We'll focus on names among the 500 most common overall.

In [155]:
top1k = [name for name,count in total_counts.most_common(500)]

In [156]:
for year in range(1846,1866):
    pmi_year = get_PMI(year)
    pmi_year_filtered = {name:pmi for name,pmi in pmi_year.items() if name in top1k}
    top_names = sorted(pmi_year_filtered,key=pmi_year_filtered.get,reverse=True)[:5]
    print(year,'\t'.join(name.split('_')[0] for name in top_names))

1846 Alliance	Mexicans	Edmund Quincy	Glasgow	Briggs
1847 Campbell	Douglass	Stanton	Wright	Mexico
1848 Clarkson	Foote	Palfrey	Mexicans	Hale
1849 Mathew	Assembly	General Assembly	O'Connell	Bridgewater
1850 Pres	Webster	New Mexico	Cass	Bill
1851 Sims	Englishmen	Unitarians	Morris	Bristol
1852 Kossuth	SEC	Syracuse	Hungary	Hungarian
1853 MANN	Mann	Foss	Cabin	Tom
1854 Nebraska	Smith	Indiana	BOSTON	West Indies
1855 B.	American Union	Fugitive Slave Bill	Spanish	Committee of Arrangements
1856 Brooks	Lawrence	Bro	Kansas	Southerners
1857 Stephens	Tract Society	Melodeon	Executive Committee	Cheever
1858 S.A. Allen	Loring	Zylobalsamum	Hair Restorer	World 's Hair Restorer
1859 Oregon	John Brown	Charlestown	Brown	Harper
1860 Ford	Cheever	Sumner	United States Constitution	Newport
1861 Agent	Mayor	Tremont Temple	Morris	Seward
1862 Courier	McClellan	Richmond	Committee of Arrangements	SEC
1863 Hinna	D.D.	Sims	McClellan	Tremont Temple
1864 Conway	Lincoln	Administration	Lincoln	Butler
1865 Cox	Lee	S.C.	Johns

These are honestly not so great -- lots of typos and capitalization issues. 
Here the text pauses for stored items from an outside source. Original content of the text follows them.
(* Let $n>2k$ and $k\ge 3$ be integers. Let $f^*(n,k)$ denote the maximum of $\min\{|\mathcal A|,|\mathcal B|\}$ over all pairs $\mathcal A,\mathcal B\subset\binom{[n]}{k}$ such that $\mathcal A\cap\mathcal B=\emptyset$, $\mathcal A$ and $\mathcal B$ are cross-intersecting, and neither $\mathcal A$ nor $\mathcal B$ is a star. Then $$f^*(n,k)\ge\left\lfloor\frac12\left(\binom{n-1}{k-1}-\binom{n-2k}{k-1}\right)\right\rfloor+1.$$
   Context: $[n]=\{1,\dots,n\}$ and $\binom{[n]}{k}$ is the collection of all $k$-element subsets of $[n]$. Families $\mathcal A,\mathcal B$ are cross-intersecting if $A\cap B\neq\emptyset$ for all $A\in\mathcal A$, $B\in\mathcal B$. A family $\mathcal F$ is a star if there is $x\in[n]$ with $x\in F$ for all $F\in\mathcal F$. *)

From mathcomp Require Import all_boot.
Set Implicit Arguments. Unset Strict Implicit. Unset Printing Implicit Defensive.

(* Ground set [n] is modelled as 'I_n = {0,...,n-1}. *)
Definition family (n : nat) := {set {set 'I_n}}.

Definition uniform n k (F : family n) : bool :=
  [forall S in F, #|S| == k].

Definition cross_intersecting n (A B : family n) : bool :=
  [forall S in A, forall T in B, S :&: T != set0].

Definition is_star n (F : family n) : bool :=
  [exists x : 'I_n, forall S in F, x \in S].

Definition admissible n k (AB : family n * family n) : bool :=
  [&& uniform k AB.1, uniform k AB.2,
      AB.1 :&: AB.2 == set0,
      cross_intersecting AB.1 AB.2,
      ~~ is_star AB.1 & ~~ is_star AB.2].

(* f^*(n,k): maximum of min(|A|,|B|) over admissible pairs (0 if none). *)
Definition fstar (n k : nat) : nat :=
  \max_(AB : family n * family n | admissible k AB) minn #|AB.1| #|AB.2|.

(* Fix z and two k-sets A0, B0 not containing z with A0 :&: B0 = {c}.  Let F
   be the k-sets through z meeting A0 :|: B0, and P (resp. Q) the members of F
   missing A0 (resp. B0).  P and Q are disjoint and equinumerous, so F splits
   into halves A containing P and B containing Q.  Members of B meet A0, members
   of A meet B0, and A, B share z, so A0 |: A and B0 |: B are
   cross-intersecting; neither is a star, since z |: (B0 :\ c) lies in P and
   misses A0, and symmetrically.  Finally #|F| = 'C(n-1, k-1) - 'C(n-2k, k-1):
   the k-sets through z, minus those avoiding the 2k-1 points of A0 :|: B0. *)

From mathcomp Require Import all_boot zify.

Set Implicit Arguments.
Unset Strict Implicit.
Unset Printing Implicit Defensive.

Lemma card_ord_interval n a b :
  b <= n -> #|[set i : 'I_n | a <= i < b]| = b - a.
Proof.
elim: b => [|b IHb] lt_bn.
  by apply: eq_card0 => i; rewrite inE ltn0 andbF.
have [le_ab|lt_ba] := leqP a b; last first.
  have -> : b.+1 - a = 0 by lia.
  by apply: eq_card0 => i; rewrite !inE; apply/negbTE/negP; lia.
have -> : [set i : 'I_n | a <= i < b.+1] =
    Ordinal lt_bn |: [set i : 'I_n | a <= i < b].
  by apply/setP => -[i lt_in]; rewrite !inE -val_eqE /=; apply/idP/idP; lia.
by rewrite cardsU1 IHb ?(ltnW lt_bn) // inE /= ltnn andbF; lia.
Qed.

Section StarsAvoiding.
Variable T : finType.

Definition star_avoiding (z : T) k (Y : {set T}) : {set {set T}} :=
  [set A : {set T} | [&& #|A| == k, z \in A & [disjoint A & Y]]].

Lemma star_avoidingS z k (Y Y' : {set T}) :
  Y \subset Y' -> star_avoiding z k Y' \subset star_avoiding z k Y.
Proof.
move=> sYY'; apply/subsetP => A; rewrite !inE => /and3P [-> -> dA] /=.
exact: disjointWr dA.
Qed.

Lemma card_star_avoiding z k (Y : {set T}) : z \notin Y -> 0 < k ->
  #|star_avoiding z k Y| = 'C(#|T|.-1 - #|Y|, k.-1).
Proof.
move=> zY k_gt0; pose D := ~: (z |: Y).
have zD : z \notin D by rewrite !inE eqxx.
have -> : star_avoiding z k Y =
    (fun B => z |: B) @: [set B : {set T} | B \subset D & #|B| == k.-1].
  apply/setP => A; rewrite inE; apply/and3P/imsetP.
    move=> [/eqP cA zA dAY]; exists (A :\ z); last by rewrite setD1K.
    rewrite inE; apply/andP; split.
      apply/subsetP => x; rewrite !inE => /andP [xz xA].
      by rewrite negb_or xz (disjointFr dAY xA).
    by move: (cardsD1 z A); rewrite zA; lia.
  move=> [B]; rewrite inE => /andP [sBD /eqP cB] ->.
  have zB : z \notin B by apply: contra zD; apply: subsetP.
  split; first by rewrite cardsU1 zB cB; apply/eqP; lia.
    exact: setU11.
  rewrite -setI_eq0 setIUl setU_eq0 !setI_eq0 disjoints1 zY /=.
  apply: disjointWl sBD _.
  by rewrite disjoint_sym disjoints_subset setCK subsetUr.
rewrite card_in_imset ?cards_draws; last first.
  move=> A B; rewrite !inE => /andP [sAD _] /andP [sBD _] eAB.
  have zA : z \notin A by apply: contra zD; apply: subsetP.
  have zB : z \notin B by apply: contra zD; apply: subsetP.
  by rewrite -(setU1K zA) eAB setU1K.
congr 'C(_, _); move: (cardsC (z |: Y)); rewrite cardsU1 zY -/D; lia.
Qed.

End StarsAvoiding.

Lemma ex_subset_card (T : finType) (R : {set T}) m :
  m <= #|R| -> exists2 R1 : {set T}, R1 \subset R & #|R1| = m.
Proof.
elim: m => [|m IHm] ltmR; first by exists set0; rewrite ?sub0set ?cards0.
have [R1 sR1R cR1] := IHm (ltnW ltmR).
have /properP [_ [x xR xR1]] : R1 \proper R by rewrite properEcard sR1R cR1.
exists (x |: R1); last by rewrite cardsU1 xR1 cR1.
by rewrite subUset sub1set xR sR1R.
Qed.

Lemma ex_subset_half (T : finType) (F P Q : {set T}) :
  P \subset F -> Q \subset F -> [disjoint P & Q] -> #|P| = #|Q| ->
  exists A : {set T}, [/\ P \subset A, A \subset F :\: Q & #|A| = #|F| %/ 2].
Proof.
move=> sPF sQF dPQ cPQ; pose R := F :\: (P :|: Q).
have cPuQ (X : {set T}) : [disjoint P & X] -> #|P :|: X| = #|P| + #|X|.
  by rewrite -setI_eq0 cardsU => /eqP ->; rewrite cards0 subn0.
have leF : #|P| + #|Q| <= #|F|.
  by rewrite -cPuQ // subset_leq_card // subUset sPF sQF.
have cR : #|R| = #|F| - #|P| - #|Q|.
  by rewrite cardsD (setIidPr _) ?subUset ?sPF // cPuQ // subnDA.
have [|R1 sR1R cR1] := @ex_subset_card _ R (#|F| %/ 2 - #|P|).
  by rewrite cR; lia.
have dPR1 : [disjoint P & R1].
  apply: disjointWr sR1R _; rewrite disjoint_sym disjoints_subset.
  by apply/subsetP => x; rewrite !inE negb_or => /andP [/andP [->]].
exists (P :|: R1); split; first exact: subsetUl.
  rewrite subUset; apply/andP; split.
    by rewrite subsetD sPF.
  by apply: subset_trans sR1R _; rewrite setDS // subsetUr.
by rewrite cPuQ // cR1; lia.
Qed.

Lemma avoiding_meeting_witness (T : finType) (z c : T) k (Y Y' : {set T}) :
  1 < k -> #|Y'| = k -> Y :&: Y' = [set c] -> z \notin Y -> z \notin Y' ->
  z |: (Y' :\ c) \in star_avoiding z k Y :\: star_avoiding z k (Y :|: Y').
Proof.
move=> k_gt1 cY' YY' zY zY'.
have cY'c : c \in Y' by move: (set11 c); rewrite -YY' => /setIP [].
have zY'c : z \notin Y' :\ c by rewrite inE negb_and zY' orbT.
have cardY'c : #|Y' :\ c| = k.-1 by move: (cardsD1 c Y'); rewrite cY'c cY'; lia.
have dY'cY : [disjoint Y' :\ c & Y].
  rewrite disjoints_subset; apply/subsetP => x /setD1P [xc xY'].
  rewrite inE; apply: contra xc => xY.
  by rewrite -in_set1 -YY' inE xY xY'.
have [x xY'c] : exists x, x \in Y' :\ c.
  by apply/set0Pn; rewrite -card_gt0 cardY'c; lia.
rewrite inE; apply/andP; split.
  rewrite inE; apply/negP => /and3P [_ _ /disjointFr /(_ (setU1r z xY'c))].
  by case/setD1P: xY'c => _ xY'; rewrite inE xY' orbT.
rewrite inE cardsU1 zY'c cardY'c setU11 -setI_eq0 setIUl setU_eq0 !setI_eq0.
by rewrite disjoints1 zY dY'cY andbT; apply/eqP; lia.
Qed.

Lemma setU1I_eq0 (T : finType) (x y : T) (G H : {set T}) :
  x != y -> x \notin H -> y \notin G -> [disjoint G & H] ->
  (x |: G) :&: (y |: H) = set0.
Proof.
move=> xy xH yG dGH; apply/eqP; rewrite setI_eq0 disjoint_sym disjoints_subset.
apply/subsetP => t /setU1P [->|tH]; rewrite !inE negb_or.
  by rewrite eq_sym xy yG.
by rewrite (disjointFl dGH tH) andbT; apply: contraNneq xH => <-.
Qed.

Section Families.
Variables n k : nat.
Implicit Types (X Y : {set 'I_n}) (G H : {set {set 'I_n}}).

Lemma uniformS G H : G \subset H -> uniform k H -> uniform k G.
Proof.
move=> sGH /forall_inP uH; apply/forall_inP => X XG.
exact: uH (subsetP sGH X XG).
Qed.

Lemma uniformU1 X G : #|X| = k -> uniform k G -> uniform k (X |: G).
Proof.
move=> cX /forall_inP uG; apply/forall_inP => Y /setU1P [->|YG].
  by rewrite cX.
exact: uG.
Qed.

Lemma cross_intersecting_common (x : 'I_n) G H :
  {in G, forall X, x \in X} -> {in H, forall Y, x \in Y} ->
  cross_intersecting G H.
Proof.
move=> xG xH; apply/forall_inP => X XG; apply/forall_inP => Y YH.
by apply/set0Pn; exists x; rewrite inE xG ?xH.
Qed.

Lemma cross_intersectingU1 X Y G H :
  X :&: Y != set0 -> {in H, forall Y1, X :&: Y1 != set0} ->
  {in G, forall X1, X1 :&: Y != set0} -> cross_intersecting G H ->
  cross_intersecting (X |: G) (Y |: H).
Proof.
move=> XY XH GY /forall_inP GH.
apply/forall_inP => X1 /setU1P [->|X1G].
all: apply/forall_inP => Y1 /setU1P [->|Y1H].
- exact: XY.
- exact: XH.
- exact: GY.
- exact: (forall_inP (GH X1 X1G)).
Qed.

Lemma not_star_disjoint X Y G :
  X \in G -> Y \in G -> [disjoint X & Y] -> ~~ is_star G.
Proof.
move=> XG YG dXY; apply/existsP => -[x /forall_inP xG].
by move: (disjointFr dXY (xG X XG)); rewrite xG.
Qed.

End Families.

Section NonStarPair.
Variables (n k : nat) (z c : 'I_n) (A0 B0 : {set 'I_n}).
Implicit Types (X Y : {set 'I_n}) (A : {set {set 'I_n}}).
Hypotheses (k_gt1 : 1 < k) (card_A0 : #|A0| = k) (card_B0 : #|B0| = k)
  (A0_B0 : A0 :&: B0 = [set c]) (z_A0 : z \notin A0) (z_B0 : z \notin B0).

Let S := A0 :|: B0.
(* [F set0], [F A0] and [F B0] are the families F, P and Q above. *)
Let F Y := star_avoiding z k Y :\: star_avoiding z k S.

Let z_S : z \notin S. Proof. by rewrite inE negb_or z_A0. Qed.

Let card_S : #|S| = (2 * k).-1.
Proof. by rewrite cardsU A0_B0 cards1 card_A0 card_B0; lia. Qed.

Let card_F Y : Y \subset S ->
  #|F Y| = 'C(n.-1 - #|Y|, k.-1) - 'C(n.-1 - #|S|, k.-1).
Proof.
move=> sYS; have zY : z \notin Y by apply: contra z_S; apply: subsetP.
rewrite cardsD (setIidPr (star_avoidingS _ _ sYS)).
by rewrite !card_star_avoiding ?card_ord //; lia.
Qed.

Let F_sub Y : F Y \subset F set0.
Proof. by rewrite setSD // star_avoidingS ?sub0set. Qed.

Let uniform_F : uniform k (F set0).
Proof. by apply/forall_inP => X /setDP [+ _]; rewrite inE => /and3P []. Qed.

Let z_F : {in F set0, forall X, z \in X}.
Proof. by move=> X /setDP [+ _]; rewrite inE => /and3P []. Qed.

Let F_meet Y X : X \in F set0 -> X \notin F Y -> X :&: Y != set0.
Proof.
move=> /setDP [XF0 XS]; rewrite in_setD XS setI_eq0; apply: contra => dXY.
by move: XF0; rewrite !inE => /and3P [-> -> _].
Qed.

Let disjoint_FA0_FB0 : [disjoint F A0 & F B0].
Proof.
rewrite disjoints_subset; apply/subsetP => X /setDP [XA0 XS].
rewrite inE in_setD XS /=; apply: contra XS.
move: XA0; rewrite !inE => /and3P [-> -> dXA0] /and3P [_ _ dXB0].
by rewrite -setI_eq0 setIUr setU_eq0 !setI_eq0 dXA0 dXB0.
Qed.

Let A0_B0_neq : A0 != B0.
Proof.
apply: contraTneq k_gt1 => eA0B0.
by move: card_A0; rewrite -[A0]setIid {2}eA0B0 A0_B0 cards1 => <-.
Qed.

Let admissible_split A : F A0 \subset A -> A \subset F set0 :\: F B0 ->
  admissible k (A0 |: A, B0 |: F set0 :\: A).
Proof.
move=> /subsetP sFA0A /subsetP sAF.
have sAF0 : A \subset F set0 by apply/subsetP => X /sAF /setDP [].
have A0_F0 : A0 \notin F set0 by apply: contra z_A0 => /z_F.
have B0_A : B0 \notin A by apply: contra z_B0 => /sAF /setDP [/z_F].
have wA := avoiding_meeting_witness k_gt1 card_B0 A0_B0 z_A0 z_B0.
have wB := avoiding_meeting_witness k_gt1 card_A0
  (etrans (setIC _ _) A0_B0) z_B0 z_A0.
rewrite [B0 :|: A0]setUC -/S -/(F B0) in wB.
have wB_A : z |: (A0 :\ c) \in F set0 :\: A.
  rewrite in_setD (subsetP (F_sub B0) _ wB) andbT.
  by apply/negP => /sAF /setDP []; rewrite wB.
have uA : uniform k (A0 |: A) := uniformU1 card_A0 (uniformS sAF0 uniform_F).
have uB : uniform k (B0 |: F set0 :\: A).
  exact: uniformU1 card_B0 (uniformS (subsetDl _ _) uniform_F).
have disjAB : (A0 |: A) :&: (B0 |: F set0 :\: A) == set0.
  rewrite setU1I_eq0 //; first by apply: contra A0_F0 => /setDP [].
  by rewrite disjoints_subset; apply/subsetP => X XA; rewrite !inE XA.
have crossAB : cross_intersecting (A0 |: A) (B0 |: F set0 :\: A).
  apply: cross_intersectingU1.
  - by apply/set0Pn; exists c; rewrite A0_B0 set11.
  - move=> X /setDP [XF0 XA]; rewrite setIC F_meet //.
    by apply: contra XA; apply: sFA0A.
  - by move=> X /sAF /setDP [XF0 XB0]; apply: F_meet.
  apply: (@cross_intersecting_common _ z) => X.
    by move/(subsetP sAF0); apply: z_F.
  by case/setDP => /z_F.
have nsA : ~~ is_star (A0 |: A).
  apply: (not_star_disjoint (setU11 _ _) (setU1r _ (sFA0A _ wA))).
  by case/setDP: wA; rewrite inE disjoint_sym => /and3P [].
have nsB : ~~ is_star (B0 |: F set0 :\: A).
  apply: (not_star_disjoint (setU11 _ _) (setU1r _ wB_A)).
  by case/setDP: wB; rewrite inE disjoint_sym => /and3P [].
by rewrite /admissible /= uA uB disjAB crossAB nsA nsB.
Qed.

Lemma fstar_lower_bound :
  ('C(n.-1, k.-1) - 'C(n - 2 * k, k.-1)) %/ 2 + 1 <= fstar n k.
Proof.
have card_F0 : #|F set0| = 'C(n.-1, k.-1) - 'C(n - 2 * k, k.-1).
  rewrite card_F ?sub0set // cards0 subn0 card_S.
  by have -> : n.-1 - (2 * k).-1 = n - 2 * k by lia.
have card_FA0_FB0 : #|F A0| = #|F B0|.
  by rewrite !card_F ?subsetUl ?subsetUr // card_A0 card_B0.
have [A [sFA0A sAF cardA]] :=
  ex_subset_half (F_sub A0) (F_sub B0) disjoint_FA0_FB0 card_FA0_FB0.
apply: leq_trans (leq_bigmax_cond _ (admissible_split sFA0A sAF)) => /=.
have sAF0 : A \subset F set0 by apply: subset_trans sAF (subsetDl _ _).
have A0_A : A0 \notin A by apply: contra z_A0 => /(subsetP sAF0) /z_F.
have B0_FA : B0 \notin F set0 :\: A by apply: contra z_B0 => /setDP [/z_F].
rewrite !cardsU1 A0_A B0_FA cardsD (setIidPr sAF0) cardA -card_F0 leq_min.
move: #|F set0| => m; rewrite addnC leqnn leq_add2l leq_subRL ?leq_div //.
by rewrite addnn -muln2 leq_divM.
Qed.

End NonStarPair.

Theorem proposition2p2 (n k : nat) (hnk : 2 * k < n) (hk : 3 <= k) :
  ('C(n.-1, k.-1) - 'C(n - 2 * k, k.-1)) %/ 2 + 1 <= fstar n k.
Proof.
have lt0n : 0 < n by lia.
have ltkn : k < n by lia.
pose A0 := [set i : 'I_n | 1 <= i < k.+1].
pose B0 := [set i : 'I_n | k <= i < 2 * k].
apply: (@fstar_lower_bound _ _ (Ordinal lt0n) (Ordinal ltkn) A0 B0).
- by lia.
- by rewrite card_ord_interval //; lia.
- by rewrite card_ord_interval //; lia.
- by apply/setP => i; rewrite !inE -val_eqE /=; lia.
- by rewrite inE.
- by rewrite inE /=; lia.
Qed.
There are also a lot of mentions of other newspapers, which might make sense, depending on when those newspapers ran, and whether Liberator frequently borrowed from them.

Future work on this data could play with smoothing, try TF-IDF instead of PMI, or work with the count of unique stories or issues in which each name appears, rather than the raw counts.